Segment Start: Supplied information
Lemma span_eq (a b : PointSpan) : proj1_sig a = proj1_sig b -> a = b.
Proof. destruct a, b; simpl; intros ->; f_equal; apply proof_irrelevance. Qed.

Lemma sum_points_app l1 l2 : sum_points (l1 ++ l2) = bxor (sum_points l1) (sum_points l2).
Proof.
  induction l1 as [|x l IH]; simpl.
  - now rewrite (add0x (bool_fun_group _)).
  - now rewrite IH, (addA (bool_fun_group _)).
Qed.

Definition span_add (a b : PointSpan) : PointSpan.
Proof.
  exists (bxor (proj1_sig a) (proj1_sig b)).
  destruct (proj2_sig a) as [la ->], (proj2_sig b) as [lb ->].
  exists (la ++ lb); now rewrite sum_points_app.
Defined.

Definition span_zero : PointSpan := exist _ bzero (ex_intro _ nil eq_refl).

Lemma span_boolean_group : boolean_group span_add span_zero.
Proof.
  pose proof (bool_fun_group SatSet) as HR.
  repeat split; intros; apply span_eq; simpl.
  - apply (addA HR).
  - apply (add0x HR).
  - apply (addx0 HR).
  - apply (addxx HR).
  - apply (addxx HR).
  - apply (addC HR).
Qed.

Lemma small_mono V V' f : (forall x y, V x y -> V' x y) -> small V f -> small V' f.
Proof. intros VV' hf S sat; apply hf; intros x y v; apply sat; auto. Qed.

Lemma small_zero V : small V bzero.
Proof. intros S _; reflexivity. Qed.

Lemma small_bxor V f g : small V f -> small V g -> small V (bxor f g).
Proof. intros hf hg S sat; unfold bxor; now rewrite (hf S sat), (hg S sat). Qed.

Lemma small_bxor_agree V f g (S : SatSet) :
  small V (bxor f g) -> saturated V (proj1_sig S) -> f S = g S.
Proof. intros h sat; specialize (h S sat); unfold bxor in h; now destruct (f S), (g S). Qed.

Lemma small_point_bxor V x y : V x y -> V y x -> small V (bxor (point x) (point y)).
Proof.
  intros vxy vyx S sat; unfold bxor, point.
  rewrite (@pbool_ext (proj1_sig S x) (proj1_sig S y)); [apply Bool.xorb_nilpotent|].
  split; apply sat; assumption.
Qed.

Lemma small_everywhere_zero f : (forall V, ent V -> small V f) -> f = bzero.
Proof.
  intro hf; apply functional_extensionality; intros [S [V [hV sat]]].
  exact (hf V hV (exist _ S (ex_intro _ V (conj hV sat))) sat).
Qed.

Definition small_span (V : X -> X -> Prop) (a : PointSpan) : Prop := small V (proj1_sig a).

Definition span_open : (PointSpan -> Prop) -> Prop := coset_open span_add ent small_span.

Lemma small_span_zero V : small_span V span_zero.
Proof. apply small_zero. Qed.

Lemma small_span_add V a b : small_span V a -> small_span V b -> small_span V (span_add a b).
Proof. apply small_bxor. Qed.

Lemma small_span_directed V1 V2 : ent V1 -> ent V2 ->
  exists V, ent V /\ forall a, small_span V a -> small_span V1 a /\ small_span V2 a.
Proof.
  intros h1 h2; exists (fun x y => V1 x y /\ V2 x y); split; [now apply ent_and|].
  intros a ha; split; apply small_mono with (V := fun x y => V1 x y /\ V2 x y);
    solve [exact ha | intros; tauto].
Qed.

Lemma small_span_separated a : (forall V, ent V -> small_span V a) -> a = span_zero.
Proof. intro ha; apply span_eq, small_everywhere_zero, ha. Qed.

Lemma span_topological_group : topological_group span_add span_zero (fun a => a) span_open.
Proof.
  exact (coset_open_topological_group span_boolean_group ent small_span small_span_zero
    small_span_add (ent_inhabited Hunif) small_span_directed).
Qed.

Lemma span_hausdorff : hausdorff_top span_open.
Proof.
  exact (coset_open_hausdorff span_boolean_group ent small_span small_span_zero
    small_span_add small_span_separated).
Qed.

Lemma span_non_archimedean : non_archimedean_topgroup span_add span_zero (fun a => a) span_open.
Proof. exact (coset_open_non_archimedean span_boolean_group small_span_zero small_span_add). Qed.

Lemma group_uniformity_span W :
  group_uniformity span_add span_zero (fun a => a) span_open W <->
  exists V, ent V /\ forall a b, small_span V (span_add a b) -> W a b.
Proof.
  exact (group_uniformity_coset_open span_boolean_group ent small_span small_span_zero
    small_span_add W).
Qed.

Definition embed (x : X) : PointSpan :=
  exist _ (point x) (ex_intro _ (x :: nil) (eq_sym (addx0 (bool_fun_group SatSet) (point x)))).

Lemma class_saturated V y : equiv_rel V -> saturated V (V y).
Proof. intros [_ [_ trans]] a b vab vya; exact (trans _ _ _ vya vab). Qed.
Segment End: Supplied information
Segment Start: Supplied information
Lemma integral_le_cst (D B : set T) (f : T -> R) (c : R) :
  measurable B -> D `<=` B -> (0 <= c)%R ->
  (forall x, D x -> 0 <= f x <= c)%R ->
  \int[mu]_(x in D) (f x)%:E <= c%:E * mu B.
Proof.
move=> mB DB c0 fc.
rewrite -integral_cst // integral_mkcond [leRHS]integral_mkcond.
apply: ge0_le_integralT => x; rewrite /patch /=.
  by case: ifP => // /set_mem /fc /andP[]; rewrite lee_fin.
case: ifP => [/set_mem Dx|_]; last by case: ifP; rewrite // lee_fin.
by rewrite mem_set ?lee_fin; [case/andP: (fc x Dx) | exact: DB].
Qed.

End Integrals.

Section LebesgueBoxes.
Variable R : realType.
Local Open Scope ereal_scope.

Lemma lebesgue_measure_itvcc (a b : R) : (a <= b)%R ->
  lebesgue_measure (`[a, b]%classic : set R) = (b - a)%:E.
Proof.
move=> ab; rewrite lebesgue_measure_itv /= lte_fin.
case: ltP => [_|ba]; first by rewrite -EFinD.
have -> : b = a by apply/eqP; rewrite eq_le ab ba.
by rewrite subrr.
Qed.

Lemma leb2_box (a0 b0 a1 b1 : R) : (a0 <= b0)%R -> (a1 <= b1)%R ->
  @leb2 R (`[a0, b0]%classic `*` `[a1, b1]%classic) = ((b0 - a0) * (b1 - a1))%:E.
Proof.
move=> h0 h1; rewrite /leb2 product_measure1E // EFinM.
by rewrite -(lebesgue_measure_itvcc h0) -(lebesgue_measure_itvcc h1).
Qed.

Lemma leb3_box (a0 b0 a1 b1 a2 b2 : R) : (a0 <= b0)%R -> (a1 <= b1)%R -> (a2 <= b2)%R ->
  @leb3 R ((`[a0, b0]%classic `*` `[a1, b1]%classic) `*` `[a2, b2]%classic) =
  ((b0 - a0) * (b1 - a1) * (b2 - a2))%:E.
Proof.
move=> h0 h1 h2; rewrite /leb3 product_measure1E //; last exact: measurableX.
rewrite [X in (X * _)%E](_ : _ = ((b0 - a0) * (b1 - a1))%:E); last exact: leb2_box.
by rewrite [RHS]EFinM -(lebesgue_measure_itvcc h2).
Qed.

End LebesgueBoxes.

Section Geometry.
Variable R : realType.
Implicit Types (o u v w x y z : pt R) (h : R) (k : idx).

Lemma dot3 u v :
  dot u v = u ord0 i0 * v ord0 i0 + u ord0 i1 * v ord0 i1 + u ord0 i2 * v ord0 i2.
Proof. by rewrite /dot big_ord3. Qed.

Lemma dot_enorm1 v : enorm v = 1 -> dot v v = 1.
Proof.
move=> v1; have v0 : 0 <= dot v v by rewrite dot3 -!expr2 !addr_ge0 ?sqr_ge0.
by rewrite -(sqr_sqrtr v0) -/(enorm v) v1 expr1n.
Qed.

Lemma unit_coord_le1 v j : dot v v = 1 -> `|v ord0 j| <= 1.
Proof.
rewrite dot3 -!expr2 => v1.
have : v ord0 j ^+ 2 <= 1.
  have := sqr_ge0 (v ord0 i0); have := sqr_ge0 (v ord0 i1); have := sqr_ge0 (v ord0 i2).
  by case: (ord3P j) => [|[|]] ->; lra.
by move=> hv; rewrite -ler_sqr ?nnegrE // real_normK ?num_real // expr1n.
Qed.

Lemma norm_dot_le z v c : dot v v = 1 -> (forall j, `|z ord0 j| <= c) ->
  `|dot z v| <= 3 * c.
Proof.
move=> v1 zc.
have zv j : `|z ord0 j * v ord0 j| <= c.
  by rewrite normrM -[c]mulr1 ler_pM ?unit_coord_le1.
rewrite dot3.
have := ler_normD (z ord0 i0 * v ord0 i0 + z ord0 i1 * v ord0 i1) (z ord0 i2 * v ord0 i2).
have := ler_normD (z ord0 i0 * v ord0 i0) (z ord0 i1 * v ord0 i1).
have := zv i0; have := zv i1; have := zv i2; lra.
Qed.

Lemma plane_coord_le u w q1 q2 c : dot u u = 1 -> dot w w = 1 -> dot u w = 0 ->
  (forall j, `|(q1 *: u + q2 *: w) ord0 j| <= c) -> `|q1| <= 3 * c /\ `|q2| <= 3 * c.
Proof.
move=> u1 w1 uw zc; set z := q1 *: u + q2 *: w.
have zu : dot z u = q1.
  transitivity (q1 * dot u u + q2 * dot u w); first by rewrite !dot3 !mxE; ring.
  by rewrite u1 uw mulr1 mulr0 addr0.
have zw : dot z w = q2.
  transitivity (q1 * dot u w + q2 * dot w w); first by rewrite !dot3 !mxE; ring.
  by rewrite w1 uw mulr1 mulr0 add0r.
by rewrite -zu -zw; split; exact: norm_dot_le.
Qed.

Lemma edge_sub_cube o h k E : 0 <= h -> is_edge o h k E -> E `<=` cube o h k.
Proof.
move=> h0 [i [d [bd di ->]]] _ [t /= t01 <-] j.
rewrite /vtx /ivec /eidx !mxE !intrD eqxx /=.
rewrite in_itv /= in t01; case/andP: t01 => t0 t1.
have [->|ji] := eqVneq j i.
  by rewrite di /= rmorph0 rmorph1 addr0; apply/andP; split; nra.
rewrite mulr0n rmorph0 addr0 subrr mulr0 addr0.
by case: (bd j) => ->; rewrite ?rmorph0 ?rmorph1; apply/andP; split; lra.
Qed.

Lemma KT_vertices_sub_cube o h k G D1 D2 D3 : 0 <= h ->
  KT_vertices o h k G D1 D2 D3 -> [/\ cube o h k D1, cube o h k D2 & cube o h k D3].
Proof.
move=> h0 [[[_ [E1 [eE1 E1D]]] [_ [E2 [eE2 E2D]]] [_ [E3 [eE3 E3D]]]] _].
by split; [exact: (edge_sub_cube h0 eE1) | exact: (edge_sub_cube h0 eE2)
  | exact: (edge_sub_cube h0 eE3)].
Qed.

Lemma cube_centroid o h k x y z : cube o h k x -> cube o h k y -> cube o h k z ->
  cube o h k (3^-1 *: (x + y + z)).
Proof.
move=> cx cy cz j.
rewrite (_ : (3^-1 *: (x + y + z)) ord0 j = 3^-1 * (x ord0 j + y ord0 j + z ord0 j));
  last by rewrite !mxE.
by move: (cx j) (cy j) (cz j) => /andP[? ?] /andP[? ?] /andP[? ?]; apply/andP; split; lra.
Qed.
Segment End: Supplied information
Segment Start: Supplied information
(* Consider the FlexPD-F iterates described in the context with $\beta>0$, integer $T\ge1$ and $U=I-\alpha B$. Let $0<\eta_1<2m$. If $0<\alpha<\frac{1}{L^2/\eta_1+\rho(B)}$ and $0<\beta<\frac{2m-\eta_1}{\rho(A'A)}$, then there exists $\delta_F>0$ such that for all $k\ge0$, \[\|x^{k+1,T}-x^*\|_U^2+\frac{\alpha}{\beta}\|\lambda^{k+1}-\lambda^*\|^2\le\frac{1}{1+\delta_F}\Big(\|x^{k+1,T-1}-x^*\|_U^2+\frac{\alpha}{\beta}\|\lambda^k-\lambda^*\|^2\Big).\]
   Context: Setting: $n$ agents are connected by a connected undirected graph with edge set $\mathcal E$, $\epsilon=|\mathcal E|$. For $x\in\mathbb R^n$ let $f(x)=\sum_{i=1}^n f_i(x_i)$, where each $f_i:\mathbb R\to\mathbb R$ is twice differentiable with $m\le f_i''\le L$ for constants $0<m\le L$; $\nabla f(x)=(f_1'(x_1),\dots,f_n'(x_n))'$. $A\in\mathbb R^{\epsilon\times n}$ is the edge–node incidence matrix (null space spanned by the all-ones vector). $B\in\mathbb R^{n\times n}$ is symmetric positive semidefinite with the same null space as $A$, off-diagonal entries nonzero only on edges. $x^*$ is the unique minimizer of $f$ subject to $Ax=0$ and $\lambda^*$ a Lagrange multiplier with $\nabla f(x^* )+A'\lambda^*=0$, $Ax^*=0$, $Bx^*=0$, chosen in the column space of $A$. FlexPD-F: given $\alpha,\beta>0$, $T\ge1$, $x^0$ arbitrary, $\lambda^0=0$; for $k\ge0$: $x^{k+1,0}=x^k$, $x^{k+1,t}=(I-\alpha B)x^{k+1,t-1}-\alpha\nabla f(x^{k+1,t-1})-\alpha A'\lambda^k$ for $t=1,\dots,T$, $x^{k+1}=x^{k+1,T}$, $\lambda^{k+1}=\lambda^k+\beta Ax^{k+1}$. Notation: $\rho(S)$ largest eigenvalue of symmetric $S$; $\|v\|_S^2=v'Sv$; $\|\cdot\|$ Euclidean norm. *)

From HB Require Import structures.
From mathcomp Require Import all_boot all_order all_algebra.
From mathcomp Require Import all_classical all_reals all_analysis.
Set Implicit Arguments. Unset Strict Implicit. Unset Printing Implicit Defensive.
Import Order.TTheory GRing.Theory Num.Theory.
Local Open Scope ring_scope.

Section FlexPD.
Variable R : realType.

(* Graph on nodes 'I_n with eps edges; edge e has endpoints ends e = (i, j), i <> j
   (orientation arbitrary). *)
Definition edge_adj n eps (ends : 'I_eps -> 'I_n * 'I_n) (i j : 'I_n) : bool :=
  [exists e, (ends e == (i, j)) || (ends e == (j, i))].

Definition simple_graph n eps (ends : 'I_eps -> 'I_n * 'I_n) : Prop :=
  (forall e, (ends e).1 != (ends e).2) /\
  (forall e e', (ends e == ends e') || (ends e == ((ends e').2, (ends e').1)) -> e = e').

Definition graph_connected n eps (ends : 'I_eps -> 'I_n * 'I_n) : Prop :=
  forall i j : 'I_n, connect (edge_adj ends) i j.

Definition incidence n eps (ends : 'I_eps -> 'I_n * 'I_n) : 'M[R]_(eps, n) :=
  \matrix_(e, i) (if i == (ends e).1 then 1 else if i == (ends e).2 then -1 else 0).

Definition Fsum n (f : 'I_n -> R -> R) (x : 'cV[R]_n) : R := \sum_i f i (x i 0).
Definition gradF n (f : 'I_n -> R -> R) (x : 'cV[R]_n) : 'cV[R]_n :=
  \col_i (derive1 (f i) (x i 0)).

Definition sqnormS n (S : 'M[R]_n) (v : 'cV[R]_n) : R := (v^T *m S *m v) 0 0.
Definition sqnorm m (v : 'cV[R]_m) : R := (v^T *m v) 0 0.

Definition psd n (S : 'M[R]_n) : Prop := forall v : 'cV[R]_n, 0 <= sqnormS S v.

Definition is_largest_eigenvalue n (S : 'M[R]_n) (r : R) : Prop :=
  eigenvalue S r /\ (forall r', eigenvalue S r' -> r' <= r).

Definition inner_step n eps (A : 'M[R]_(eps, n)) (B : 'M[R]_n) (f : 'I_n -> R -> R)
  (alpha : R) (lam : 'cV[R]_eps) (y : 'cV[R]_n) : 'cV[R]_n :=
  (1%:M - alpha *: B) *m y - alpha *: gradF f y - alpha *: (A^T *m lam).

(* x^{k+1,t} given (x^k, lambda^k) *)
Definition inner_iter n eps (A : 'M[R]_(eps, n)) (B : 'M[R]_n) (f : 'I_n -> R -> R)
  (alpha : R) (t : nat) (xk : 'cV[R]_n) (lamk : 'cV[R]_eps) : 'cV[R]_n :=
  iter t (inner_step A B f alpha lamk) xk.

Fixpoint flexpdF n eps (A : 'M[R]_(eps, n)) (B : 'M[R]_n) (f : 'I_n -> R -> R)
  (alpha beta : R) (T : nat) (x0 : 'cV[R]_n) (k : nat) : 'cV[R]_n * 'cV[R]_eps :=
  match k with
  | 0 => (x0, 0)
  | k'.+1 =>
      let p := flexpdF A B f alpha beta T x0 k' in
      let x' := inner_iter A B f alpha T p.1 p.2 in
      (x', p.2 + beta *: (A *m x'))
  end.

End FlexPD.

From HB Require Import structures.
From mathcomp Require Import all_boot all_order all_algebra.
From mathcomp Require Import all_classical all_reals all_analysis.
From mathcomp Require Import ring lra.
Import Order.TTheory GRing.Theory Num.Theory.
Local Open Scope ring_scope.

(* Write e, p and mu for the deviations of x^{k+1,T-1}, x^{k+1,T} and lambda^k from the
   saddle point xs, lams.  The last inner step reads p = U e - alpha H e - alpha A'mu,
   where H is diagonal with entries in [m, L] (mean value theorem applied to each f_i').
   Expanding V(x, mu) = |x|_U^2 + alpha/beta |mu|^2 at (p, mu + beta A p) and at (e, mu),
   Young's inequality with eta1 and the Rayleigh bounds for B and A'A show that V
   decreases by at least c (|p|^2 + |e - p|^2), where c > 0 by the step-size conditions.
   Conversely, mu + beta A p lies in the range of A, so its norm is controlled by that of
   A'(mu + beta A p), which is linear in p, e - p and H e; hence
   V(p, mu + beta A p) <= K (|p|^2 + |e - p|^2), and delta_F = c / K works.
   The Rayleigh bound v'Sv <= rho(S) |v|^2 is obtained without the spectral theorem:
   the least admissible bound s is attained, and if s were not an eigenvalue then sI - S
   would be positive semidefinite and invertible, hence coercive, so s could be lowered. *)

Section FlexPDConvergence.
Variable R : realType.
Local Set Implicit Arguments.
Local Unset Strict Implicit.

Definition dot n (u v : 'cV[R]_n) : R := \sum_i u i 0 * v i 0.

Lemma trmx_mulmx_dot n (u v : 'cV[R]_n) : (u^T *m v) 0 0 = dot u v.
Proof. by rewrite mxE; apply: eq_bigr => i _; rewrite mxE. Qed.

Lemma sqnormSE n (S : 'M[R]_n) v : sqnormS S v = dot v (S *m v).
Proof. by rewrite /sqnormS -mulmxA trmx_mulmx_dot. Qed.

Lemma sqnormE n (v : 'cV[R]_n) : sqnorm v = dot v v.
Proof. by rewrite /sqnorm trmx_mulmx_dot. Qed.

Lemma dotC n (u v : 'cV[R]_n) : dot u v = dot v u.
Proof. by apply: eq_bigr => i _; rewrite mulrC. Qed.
Segment End: Supplied information
» **Activity**: Every line above that holds the string "Arguments" should be returned.

» **Exercise result**:
Set Implicit Arguments. Unset Strict Implicit. Unset Printing Implicit Defensive.
Local Set Implicit Arguments.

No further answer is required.